MATERIALS AND METHODS

We pooled data from the hospital records of human salmonellosis at Shanghai (∼10,000 cases), Shenzhen (∼4,000 cases), and Hangzhou (∼3,000 cases) to analyze the historical strain collection across 13 provinces or province-level municipalities in China. From this library of approximately 17,000 strains, we were able to select only 290 S. Newport human strains with their relevant metadata on geographical distribution, age, gender, and major clinical presentation for the descriptive analysis. While the records showed the presence of more than 1,000 strains, there was an absence of relevant metadata for most of those isolates. Those without the related metadata were excluded from further analysis. The oldest strains in the collection dated back to 1991 (n = 2), while the recent ones were from 2018 (n = 5). The human subjects contributing the fecal samples for bacterial isolation were categorized according to age as infants (<1 year of age), toddlers (1 to 5 years of age), children (6 to 10 years of age), adolescents (11 to 19 years of age), or adults (>19 years of age).
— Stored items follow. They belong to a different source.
(* Let $A,A^*$ be a Leonard pair in $\mathcal A$. Then there exists a unique antiautomorphism $\dagger$ of $\mathcal A$ such that $A^\dagger=A$ and $A^{*\dagger}=A^*$. Moreover $X^{\dagger\dagger}=X$ for all $X\in\mathcal A$.
   Context: Let $\mathbb K$ be a field, $d\ge0$, and $\mathcal A$ a $\mathbb K$-algebra isomorphic to $\mathrm{Mat}_{d+1}(\mathbb K)$. A Leonard pair in $\mathcal A$ is an ordered pair $A,A^*\in\mathcal A$ ($A^*$ is notation, not an adjoint) that acts on an irreducible (left) $\mathcal A$-module $V$ as follows: (a) some basis of $V$ makes the matrix of $A$ irreducible tridiagonal (tridiagonal with all sub- and superdiagonal entries nonzero) and the matrix of $A^*$ diagonal, and (b) some basis of $V$ makes the matrix of $A^*$ irreducible tridiagonal and that of $A$ diagonal. An antiautomorphism of $\mathcal A$ is a $\mathbb K$-linear bijection $\gamma:\mathcal A\to\mathcal A$ with $(XY)^\gamma=Y^\gamma X^\gamma$ for all $X,Y$. *)

From HB Require Import structures.
From mathcomp Require Import all_boot all_order all_algebra.
Set Implicit Arguments. Unset Strict Implicit. Unset Printing Implicit Defensive.
Import GRing.Theory.
Local Open Scope ring_scope.

Definition irr_tridiag (K : fieldType) (n : nat) (M : 'M[K]_n) : Prop :=
  (forall i j : 'I_n, (i.+1 < j)%N \/ (j.+1 < i)%N -> M i j = 0) /\
  (forall i j : 'I_n, (i.+1 == j :> nat) || (j.+1 == i :> nat) -> M i j != 0).

Definition mx_alg_iso (K : fieldType) (A : algType K) (d : nat)
  (rho : A -> 'M[K]_(d.+1)) : Prop :=
  [/\ forall (c : K) (x : A), rho (c *: x) = c *: rho x,
      forall x y : A, rho (x + y) = rho x + rho y,
      forall x y : A, rho (x * y) = rho x *m rho y,
      rho 1 = 1%:M & bijective rho].

(* An irreducible A-module
   V is (up to isomorphism) K^{d+1} with A acting through an algebra
   isomorphism rho : A -> Mat_{d+1}(K); a basis of V is given by an invertible
   change-of-basis matrix P, in which the matrix of X is P^-1 (rho X) P. *)
Definition leonard_pair (K : fieldType) (A : algType K) (d : nat) (a as_ : A)
  : Prop :=
  exists rho : A -> 'M[K]_(d.+1), mx_alg_iso rho /\
   (exists P : 'M[K]_(d.+1), P \in unitmx /\
      irr_tridiag (invmx P *m rho a *m P) /\ is_diag_mx (invmx P *m rho as_ *m P)) /\
   (exists Q : 'M[K]_(d.+1), Q \in unitmx /\
      irr_tridiag (invmx Q *m rho as_ *m Q) /\ is_diag_mx (invmx Q *m rho a *m Q)).

Definition antiautomorphism (K : fieldType) (A : algType K) (g : A -> A) : Prop :=
  [/\ forall (c : K) (x : A), g (c *: x) = c *: g x,
      forall x y : A, g (x + y) = g x + g y,
      bijective g &
      forall x y : A, g (x * y) = g y * g x].

From HB Require Import structures.
From mathcomp Require Import all_boot all_order all_algebra.
Set Implicit Arguments. Unset Strict Implicit. Unset Printing Implicit Defensive.
Import GRing.Theory.
Local Open Scope ring_scope.

(* In a basis where A is an irreducible tridiagonal matrix T and A^* a
   diagonal matrix D, transposition fixes D, and it fixes T once it is
   conjugated by a diagonal matrix S balancing the sub- and superdiagonals
   (S T^T = T S).  Hence X |-> S X^T S^-1 is an involutive antiautomorphism
   fixing A and A^*.

   For uniqueness, composing two such antiautomorphisms gives an algebra
   endomorphism fixing T and D.  Since A^* is also irreducible tridiagonal in
   some basis, its eigenspaces are lines, so the diagonal entries of D are
   distinct.  The endomorphism then fixes every polynomial in D, hence every
   diagonal matrix unit E_ii (Lagrange interpolation), hence
   E_ij = T_ij^-1 E_ii T E_jj for |i - j| = 1, and, taking products, every
   matrix unit: it is the identity. *)

Section IrreducibleTridiagonal.

Variables (K : fieldType) (n : nat).
Implicit Types (T : 'M[K]_n.+1).

Lemma irr_tridiag_eigenvector_eq0 T (c : K) (v : 'cV[K]_n.+1) :
  irr_tridiag T -> T *m v = c *: v -> v 0 0 = 0 -> v = 0.
Proof.
move=> [T0 Tn0] Tv v0.
suff v_eq0 k (i : 'I_n.+1) : (i <= k)%N -> v i 0 = 0.
  by apply/matrixP=> i j; rewrite (ord1 j) mxE (v_eq0 i).
elim: k i => [|k IHk] i.
  by rewrite leqn0 => /eqP i0; rewrite -v0; congr (v _ _); apply: val_inj.
rewrite leq_eqVlt ltnS => /orP[/eqP ik|]; last exact: IHk.
have kn : (k < n.+1)%N by apply: ltnW; rewrite -ik.
pose k' := Ordinal kn.
have := congr1 (fun w : 'cV_n.+1 => w k' 0) Tv; rewrite !mxE (IHk k') // mulr0.
rewrite (bigD1 i) //= big1 => [|j ji].
  by rewrite addr0 => /eqP; rewrite mulf_eq0 (negPf (Tn0 k' i _)) ?ik ?eqxx // => /eqP.
case: (leqP j k) => [jk|kj]; first by rewrite IHk ?mulr0.
rewrite T0 ?mul0r //; left; rewrite ltn_neqAle kj andbT.
by apply: contraNneq ji => kj'; apply/eqP/val_inj; rewrite /= ik -kj'.
Qed.

Lemma irr_tridiag_similar_diag_inj (B P Q : 'M[K]_n.+1) :
  P \in unitmx -> Q \in unitmx ->
  irr_tridiag (invmx Q *m B *m Q) -> is_diag_mx (invmx P *m B *m P) ->
  injective (fun i => (invmx P *m B *m P) i i).
Proof.
move=> Pu Qu Tirr Ddiag i j /= Dij.
set D := invmx P *m B *m P in Ddiag Dij *; set T := invmx Q *m B *m Q in Tirr.
set M := invmx Q *m P.
have M_unit : M \in unitmx by rewrite unitmx_mul unitmx_inv Qu.
have TM : T *m M = M *m D by rewrite !mulmxA !mulmxK.
have [d Dd] := diag_mxP _ Ddiag.
have eigen k : T *m (M *m delta_mx k (0 : 'I_1)) = D k k *: (M *m delta_mx k 0).
  rewrite mulmxA TM -mulmxA scalemxAr; congr (M *m _).
  apply/matrixP=> l z; rewrite Dd mul_diag_mx !mxE (ord1 z) !eqxx mulr1n andbT.
  by case: eqP => [->|_]; rewrite ?mulr0.
have [//|ij] := eqVneq i j; exfalso.
set u := M *m delta_mx i (0 : 'I_1); set w := M *m delta_mx j (0 : 'I_1).
have Tw : T *m w = D i i *: w by rewrite eigen Dij.
have uw0 : w 0 0 *: u - u 0 0 *: w = 0.
  apply: (irr_tridiag_eigenvector_eq0 (c := D i i) Tirr); last by rewrite !mxE mulrC subrr.
  by rewrite mulmxBr -!scalemxAr eigen Tw scalerBr !scalerA [w 0 0 * _]mulrC [u 0 0 * _]mulrC.
have Mu : invmx M *m u = delta_mx i 0 by rewrite mulKmx.
have Mw : invmx M *m w = delta_mx j 0 by rewrite mulKmx.
clearbody u w.
have := congr1 (mulmx (invmx M)) uw0.
rewrite mulmxBr -!scalemxAr Mu Mw mulmx0 => /matrixP/(_ i 0).
rewrite !mxE !eqxx (negPf ij) /= mulr1 mulr0 subr0 => w00.
move: Mw; rewrite (irr_tridiag_eigenvector_eq0 Tirr Tw w00) mulmx0 => /matrixP/(_ j 0).
by rewrite !mxE !eqxx => /eqP; rewrite eq_sym oner_eq0.
Qed.

Lemma irr_tridiag_symmetrizer T : irr_tridiag T ->
  exists2 s : 'rV[K]_n.+1, (forall i, s 0 i != 0) & diag_mx s *m T^T = T *m diag_mx s.
Proof.
move=> [T0 Tn0].
pose t k := T (inord k.+1) (inord k) / T (inord k) (inord k.+1).
exists (\row_(i < n.+1) \prod_(k < i) t k).
  move=> i; rewrite mxE; apply/prodf_neq0 => k _.
  have kn : (k.+1 < n.+1)%N := leq_ltn_trans (ltn_ord k) (ltn_ord i).
  by rewrite mulf_neq0 ?invr_eq0 ?Tn0 // !inordK ?eqxx ?orbT // ltnW.
rewrite mul_diag_mx mul_mx_diag; apply/matrixP => i j; rewrite !mxE.
wlog ij : i j / (i <= j)%N.
  move=> sym; case: (leqP i j) => [/sym//|/ltnW/sym e].
  by rewrite mulrC -e mulrC.
case: (ltngtP i j) ij => // [lt_ij _|/val_inj-> _]; last exact: mulrC.
rewrite -!(big_mkord xpredT); have [ji|] := eqVneq (j : nat) i.+1.
  rewrite ji big_nat_recr //= /t -ji !inord_val.
  by rewrite [RHS]mulrC -mulrA mulfVK // Tn0 // ji eqxx.
move=> ji; have lt_ij1 : (i.+1 < j)%N by rewrite ltn_neqAle eq_sym ji.
by rewrite !T0 ?mulr0 ?mul0r //; [left|right].
Qed.

End IrreducibleTridiagonal.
The clinical presentations were collated into three main types as individuals with diarrhea (acute, or watery), individuals with persistent diarrhea (lasting >14 days), and apparently healthy (asymptomatic) individuals based on the medical recommendation available along with the relevant metadata. The collected data were curated in Microsoft Excel and analyzed in GraphPad Prism v. 8.0.1 on a Windows platform. A descriptive analysis was performed for age, clinical presentation, and spatiotemporal variation. The interaction between the age and the clinical presentation was analyzed in one-way ANOVA, while the relationship between the top five sequence types and their clinical presentations was analyzed using two-way ANOVA at P = 0.05. Among these 290 isolates, 282 were subjected to whole-genome sequencing (WGS) on an Illumina HiSeq platform or BGISEQ-500. Multidrug resistance, defined as resistance to three or more classes of antimicrobials, was evaluated using the in silico genomic data as described previously (27). Genomic analysis was performed with an in-house script in Python. The WGS data were scanned for potential interspecies contamination by using the newly established toolkit ConFindr (23).

Data availability.

The summary of the genomic analysis is given in an MS Excel spreadsheet as Data Set S1 in the supplemental material. Other data are available from the corresponding author upon request.